Start of Provided information

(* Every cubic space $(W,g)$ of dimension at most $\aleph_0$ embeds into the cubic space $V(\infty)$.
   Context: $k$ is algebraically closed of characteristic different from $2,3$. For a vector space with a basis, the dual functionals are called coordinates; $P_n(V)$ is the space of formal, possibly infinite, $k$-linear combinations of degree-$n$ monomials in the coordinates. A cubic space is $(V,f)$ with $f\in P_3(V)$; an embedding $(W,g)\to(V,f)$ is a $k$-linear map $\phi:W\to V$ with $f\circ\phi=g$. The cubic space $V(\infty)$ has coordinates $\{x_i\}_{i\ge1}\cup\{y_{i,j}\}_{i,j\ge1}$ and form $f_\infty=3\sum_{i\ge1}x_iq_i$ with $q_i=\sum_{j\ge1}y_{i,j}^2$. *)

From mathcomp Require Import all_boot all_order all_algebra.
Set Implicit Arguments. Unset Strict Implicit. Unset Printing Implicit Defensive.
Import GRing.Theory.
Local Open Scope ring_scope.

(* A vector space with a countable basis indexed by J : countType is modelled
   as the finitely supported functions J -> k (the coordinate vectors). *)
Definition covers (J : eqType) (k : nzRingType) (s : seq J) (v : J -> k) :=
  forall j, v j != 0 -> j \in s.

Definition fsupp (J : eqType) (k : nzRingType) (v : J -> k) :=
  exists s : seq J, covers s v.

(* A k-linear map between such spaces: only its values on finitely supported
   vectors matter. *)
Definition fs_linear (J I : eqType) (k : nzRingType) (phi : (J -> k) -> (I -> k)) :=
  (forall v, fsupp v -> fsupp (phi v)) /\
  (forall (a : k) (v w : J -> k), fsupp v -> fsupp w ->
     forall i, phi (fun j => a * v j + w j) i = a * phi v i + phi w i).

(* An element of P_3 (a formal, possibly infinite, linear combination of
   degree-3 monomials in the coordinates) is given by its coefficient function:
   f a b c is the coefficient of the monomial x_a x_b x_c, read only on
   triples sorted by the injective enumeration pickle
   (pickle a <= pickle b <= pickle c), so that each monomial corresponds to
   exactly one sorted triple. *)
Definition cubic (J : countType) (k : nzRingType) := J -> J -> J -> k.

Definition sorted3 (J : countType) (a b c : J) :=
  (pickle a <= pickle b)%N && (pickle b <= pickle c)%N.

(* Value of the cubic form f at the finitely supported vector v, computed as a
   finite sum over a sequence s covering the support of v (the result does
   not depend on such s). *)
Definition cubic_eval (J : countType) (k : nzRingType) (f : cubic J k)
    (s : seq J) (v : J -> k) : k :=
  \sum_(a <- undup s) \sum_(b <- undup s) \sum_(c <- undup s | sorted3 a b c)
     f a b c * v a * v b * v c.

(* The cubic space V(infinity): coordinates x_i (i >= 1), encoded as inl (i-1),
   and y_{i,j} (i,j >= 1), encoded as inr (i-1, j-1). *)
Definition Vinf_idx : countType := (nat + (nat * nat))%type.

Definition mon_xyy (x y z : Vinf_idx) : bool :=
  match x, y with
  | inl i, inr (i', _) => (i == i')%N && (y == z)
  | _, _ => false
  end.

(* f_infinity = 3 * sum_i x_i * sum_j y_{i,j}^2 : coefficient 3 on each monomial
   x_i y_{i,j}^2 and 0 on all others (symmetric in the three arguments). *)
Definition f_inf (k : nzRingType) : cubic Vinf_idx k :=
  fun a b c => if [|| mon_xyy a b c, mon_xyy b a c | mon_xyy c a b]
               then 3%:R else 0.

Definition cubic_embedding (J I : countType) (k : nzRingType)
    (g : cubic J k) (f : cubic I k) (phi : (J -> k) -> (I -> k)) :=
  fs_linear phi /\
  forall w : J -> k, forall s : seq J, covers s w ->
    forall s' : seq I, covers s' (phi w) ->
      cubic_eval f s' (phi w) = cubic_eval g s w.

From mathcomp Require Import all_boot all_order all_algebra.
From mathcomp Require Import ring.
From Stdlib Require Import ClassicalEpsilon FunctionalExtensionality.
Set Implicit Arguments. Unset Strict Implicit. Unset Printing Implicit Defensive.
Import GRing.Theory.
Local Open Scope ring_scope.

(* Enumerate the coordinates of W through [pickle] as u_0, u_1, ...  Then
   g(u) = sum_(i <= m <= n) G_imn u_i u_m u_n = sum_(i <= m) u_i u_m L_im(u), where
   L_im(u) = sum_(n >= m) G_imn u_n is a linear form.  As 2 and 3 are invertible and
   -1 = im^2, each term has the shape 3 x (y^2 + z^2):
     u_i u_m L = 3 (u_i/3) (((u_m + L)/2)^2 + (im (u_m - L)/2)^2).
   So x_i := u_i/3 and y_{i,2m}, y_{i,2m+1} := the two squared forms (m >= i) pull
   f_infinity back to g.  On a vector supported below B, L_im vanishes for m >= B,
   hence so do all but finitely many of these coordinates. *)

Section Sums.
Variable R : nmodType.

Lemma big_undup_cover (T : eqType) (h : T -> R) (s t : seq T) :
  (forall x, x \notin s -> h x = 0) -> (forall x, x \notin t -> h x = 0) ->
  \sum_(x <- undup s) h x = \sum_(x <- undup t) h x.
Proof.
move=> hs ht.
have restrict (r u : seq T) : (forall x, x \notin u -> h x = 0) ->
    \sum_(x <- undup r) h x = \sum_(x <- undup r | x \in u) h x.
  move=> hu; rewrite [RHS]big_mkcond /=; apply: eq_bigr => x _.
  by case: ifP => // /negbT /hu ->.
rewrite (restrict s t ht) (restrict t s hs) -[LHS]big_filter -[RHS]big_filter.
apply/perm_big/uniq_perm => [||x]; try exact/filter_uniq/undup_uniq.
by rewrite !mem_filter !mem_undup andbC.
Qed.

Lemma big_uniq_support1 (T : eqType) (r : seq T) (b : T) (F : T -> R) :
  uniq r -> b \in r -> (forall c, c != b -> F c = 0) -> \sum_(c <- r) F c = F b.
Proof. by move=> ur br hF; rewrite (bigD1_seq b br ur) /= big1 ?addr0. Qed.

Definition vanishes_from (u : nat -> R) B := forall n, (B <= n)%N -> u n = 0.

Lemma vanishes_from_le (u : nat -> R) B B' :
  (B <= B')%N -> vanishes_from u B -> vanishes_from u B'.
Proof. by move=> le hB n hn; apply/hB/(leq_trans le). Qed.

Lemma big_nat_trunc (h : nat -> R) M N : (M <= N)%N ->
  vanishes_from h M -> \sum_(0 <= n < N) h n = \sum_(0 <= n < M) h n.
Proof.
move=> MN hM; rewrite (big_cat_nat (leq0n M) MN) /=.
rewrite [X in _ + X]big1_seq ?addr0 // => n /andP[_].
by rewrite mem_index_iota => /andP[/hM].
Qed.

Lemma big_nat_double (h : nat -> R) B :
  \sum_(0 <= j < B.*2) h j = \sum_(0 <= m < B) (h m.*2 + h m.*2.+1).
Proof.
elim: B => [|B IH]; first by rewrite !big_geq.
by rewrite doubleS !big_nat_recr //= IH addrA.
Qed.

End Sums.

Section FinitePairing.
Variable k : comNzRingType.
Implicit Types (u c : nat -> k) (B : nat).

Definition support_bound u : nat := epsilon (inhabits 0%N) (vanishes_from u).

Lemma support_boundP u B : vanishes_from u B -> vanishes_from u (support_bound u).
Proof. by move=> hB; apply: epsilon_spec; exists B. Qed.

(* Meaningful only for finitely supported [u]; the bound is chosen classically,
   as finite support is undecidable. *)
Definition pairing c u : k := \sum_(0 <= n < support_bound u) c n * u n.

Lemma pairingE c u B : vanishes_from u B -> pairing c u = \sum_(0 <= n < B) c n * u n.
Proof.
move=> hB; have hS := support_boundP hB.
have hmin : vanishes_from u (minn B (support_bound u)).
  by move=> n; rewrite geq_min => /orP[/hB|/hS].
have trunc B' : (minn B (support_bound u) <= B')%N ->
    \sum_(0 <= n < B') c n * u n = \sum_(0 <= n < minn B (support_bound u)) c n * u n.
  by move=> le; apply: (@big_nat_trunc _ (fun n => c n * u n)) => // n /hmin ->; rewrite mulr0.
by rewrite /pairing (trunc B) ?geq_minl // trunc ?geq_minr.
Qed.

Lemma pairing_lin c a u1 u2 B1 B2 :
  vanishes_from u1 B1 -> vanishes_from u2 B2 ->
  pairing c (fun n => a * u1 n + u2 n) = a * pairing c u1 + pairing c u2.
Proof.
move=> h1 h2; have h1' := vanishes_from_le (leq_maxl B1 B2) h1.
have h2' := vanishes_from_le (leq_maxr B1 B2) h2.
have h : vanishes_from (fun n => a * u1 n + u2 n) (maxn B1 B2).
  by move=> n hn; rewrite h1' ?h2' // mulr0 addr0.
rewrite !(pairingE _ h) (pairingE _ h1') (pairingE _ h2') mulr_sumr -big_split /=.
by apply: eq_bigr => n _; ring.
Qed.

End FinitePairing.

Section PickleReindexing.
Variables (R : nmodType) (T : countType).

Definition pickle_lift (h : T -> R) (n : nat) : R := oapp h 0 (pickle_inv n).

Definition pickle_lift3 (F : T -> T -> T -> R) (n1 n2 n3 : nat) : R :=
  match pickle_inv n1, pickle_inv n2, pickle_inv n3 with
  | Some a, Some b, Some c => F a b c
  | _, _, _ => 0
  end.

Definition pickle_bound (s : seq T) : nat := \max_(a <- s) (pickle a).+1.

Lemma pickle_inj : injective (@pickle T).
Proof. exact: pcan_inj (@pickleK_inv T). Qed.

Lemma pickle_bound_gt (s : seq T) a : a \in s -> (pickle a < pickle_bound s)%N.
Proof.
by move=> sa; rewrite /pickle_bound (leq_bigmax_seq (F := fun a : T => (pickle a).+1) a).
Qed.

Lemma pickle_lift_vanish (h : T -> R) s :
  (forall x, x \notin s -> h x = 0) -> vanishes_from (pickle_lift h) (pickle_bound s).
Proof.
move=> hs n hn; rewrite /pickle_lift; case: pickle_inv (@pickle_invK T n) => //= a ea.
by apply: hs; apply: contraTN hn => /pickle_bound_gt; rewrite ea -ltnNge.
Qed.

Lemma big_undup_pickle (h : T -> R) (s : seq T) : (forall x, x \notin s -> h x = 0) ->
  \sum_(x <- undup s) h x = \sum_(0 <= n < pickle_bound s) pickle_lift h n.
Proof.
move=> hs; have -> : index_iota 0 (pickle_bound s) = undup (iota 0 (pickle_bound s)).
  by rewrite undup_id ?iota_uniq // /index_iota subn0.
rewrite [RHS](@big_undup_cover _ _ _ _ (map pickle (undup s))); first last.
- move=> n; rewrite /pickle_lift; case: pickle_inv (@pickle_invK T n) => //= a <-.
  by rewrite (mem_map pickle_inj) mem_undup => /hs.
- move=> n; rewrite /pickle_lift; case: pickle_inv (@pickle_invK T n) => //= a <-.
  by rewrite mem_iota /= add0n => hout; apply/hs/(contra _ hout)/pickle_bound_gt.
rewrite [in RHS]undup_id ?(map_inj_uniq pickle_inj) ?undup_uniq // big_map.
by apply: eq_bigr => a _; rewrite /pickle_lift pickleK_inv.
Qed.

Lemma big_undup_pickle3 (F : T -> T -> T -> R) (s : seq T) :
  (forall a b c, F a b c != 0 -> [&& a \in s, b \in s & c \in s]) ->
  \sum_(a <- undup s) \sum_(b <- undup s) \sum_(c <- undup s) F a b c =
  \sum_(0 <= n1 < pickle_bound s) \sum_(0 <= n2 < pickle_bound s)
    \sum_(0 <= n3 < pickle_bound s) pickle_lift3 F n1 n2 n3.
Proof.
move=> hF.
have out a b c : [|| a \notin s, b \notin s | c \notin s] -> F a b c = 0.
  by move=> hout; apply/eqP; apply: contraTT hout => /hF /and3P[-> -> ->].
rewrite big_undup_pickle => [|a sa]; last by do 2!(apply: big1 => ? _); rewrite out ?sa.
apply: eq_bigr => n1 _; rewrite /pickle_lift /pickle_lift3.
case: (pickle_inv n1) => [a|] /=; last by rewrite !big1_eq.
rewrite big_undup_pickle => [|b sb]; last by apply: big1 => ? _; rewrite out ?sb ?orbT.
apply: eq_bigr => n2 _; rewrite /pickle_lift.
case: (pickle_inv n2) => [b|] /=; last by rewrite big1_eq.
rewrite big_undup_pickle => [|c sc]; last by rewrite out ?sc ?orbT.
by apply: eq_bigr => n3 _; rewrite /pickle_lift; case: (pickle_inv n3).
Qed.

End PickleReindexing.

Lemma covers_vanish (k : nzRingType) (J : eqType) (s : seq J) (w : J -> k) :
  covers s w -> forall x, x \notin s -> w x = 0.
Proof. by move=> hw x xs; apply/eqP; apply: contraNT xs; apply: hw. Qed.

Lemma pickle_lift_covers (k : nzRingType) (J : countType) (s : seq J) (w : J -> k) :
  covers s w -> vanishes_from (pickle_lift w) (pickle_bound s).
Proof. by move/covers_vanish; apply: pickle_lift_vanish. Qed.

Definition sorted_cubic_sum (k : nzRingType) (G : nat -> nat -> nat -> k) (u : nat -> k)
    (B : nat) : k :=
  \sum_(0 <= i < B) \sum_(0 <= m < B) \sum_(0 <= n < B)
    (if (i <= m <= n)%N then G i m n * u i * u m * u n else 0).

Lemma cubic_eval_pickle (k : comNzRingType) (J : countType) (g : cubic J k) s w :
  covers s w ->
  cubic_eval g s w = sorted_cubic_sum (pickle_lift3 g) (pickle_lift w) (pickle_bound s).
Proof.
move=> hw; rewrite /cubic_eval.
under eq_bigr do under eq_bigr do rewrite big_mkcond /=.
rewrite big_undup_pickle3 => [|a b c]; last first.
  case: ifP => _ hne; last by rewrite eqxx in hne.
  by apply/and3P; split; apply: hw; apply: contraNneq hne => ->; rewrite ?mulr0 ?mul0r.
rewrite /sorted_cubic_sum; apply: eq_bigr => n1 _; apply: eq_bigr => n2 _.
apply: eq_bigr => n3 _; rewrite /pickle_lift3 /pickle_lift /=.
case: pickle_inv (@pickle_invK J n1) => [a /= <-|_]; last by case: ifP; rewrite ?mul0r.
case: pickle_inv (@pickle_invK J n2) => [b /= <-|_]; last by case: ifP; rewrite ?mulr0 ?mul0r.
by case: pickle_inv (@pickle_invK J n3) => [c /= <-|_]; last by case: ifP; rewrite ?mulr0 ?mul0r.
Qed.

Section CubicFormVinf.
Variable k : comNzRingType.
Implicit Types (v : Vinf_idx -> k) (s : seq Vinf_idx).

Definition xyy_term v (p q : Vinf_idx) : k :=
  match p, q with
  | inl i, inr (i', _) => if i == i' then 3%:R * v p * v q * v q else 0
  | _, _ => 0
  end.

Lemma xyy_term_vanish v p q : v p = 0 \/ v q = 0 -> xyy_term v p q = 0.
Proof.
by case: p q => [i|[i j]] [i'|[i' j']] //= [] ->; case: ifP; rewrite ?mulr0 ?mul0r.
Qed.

End of Provided information

Work to complete: If a line comes after the one that contains "triples sorted by", leave it out; return every line of the entries up to that point exactly, starting with the first, with that line included.

Your response:
(* Every cubic space $(W,g)$ of dimension at most $\aleph_0$ embeds into the cubic space $V(\infty)$.
   Context: $k$ is algebraically closed of characteristic different from $2,3$. For a vector space with a basis, the dual functionals are called coordinates; $P_n(V)$ is the space of formal, possibly infinite, $k$-linear combinations of degree-$n$ monomials in the coordinates. A cubic space is $(V,f)$ with $f\in P_3(V)$; an embedding $(W,g)\to(V,f)$ is a $k$-linear map $\phi:W\to V$ with $f\circ\phi=g$. The cubic space $V(\infty)$ has coordinates $\{x_i\}_{i\ge1}\cup\{y_{i,j}\}_{i,j\ge1}$ and form $f_\infty=3\sum_{i\ge1}x_iq_i$ with $q_i=\sum_{j\ge1}y_{i,j}^2$. *)

From mathcomp Require Import all_boot all_order all_algebra.
Set Implicit Arguments. Unset Strict Implicit. Unset Printing Implicit Defensive.
Import GRing.Theory.
Local Open Scope ring_scope.

(* A vector space with a countable basis indexed by J : countType is modelled
   as the finitely supported functions J -> k (the coordinate vectors). *)
Definition covers (J : eqType) (k : nzRingType) (s : seq J) (v : J -> k) :=
  forall j, v j != 0 -> j \in s.

Definition fsupp (J : eqType) (k : nzRingType) (v : J -> k) :=
  exists s : seq J, covers s v.

(* A k-linear map between such spaces: only its values on finitely supported
   vectors matter. *)
Definition fs_linear (J I : eqType) (k : nzRingType) (phi : (J -> k) -> (I -> k)) :=
  (forall v, fsupp v -> fsupp (phi v)) /\
  (forall (a : k) (v w : J -> k), fsupp v -> fsupp w ->
     forall i, phi (fun j => a * v j + w j) i = a * phi v i + phi w i).

(* An element of P_3 (a formal, possibly infinite, linear combination of
   degree-3 monomials in the coordinates) is given by its coefficient function:
   f a b c is the coefficient of the monomial x_a x_b x_c, read only on
   triples sorted by the injective enumeration pickle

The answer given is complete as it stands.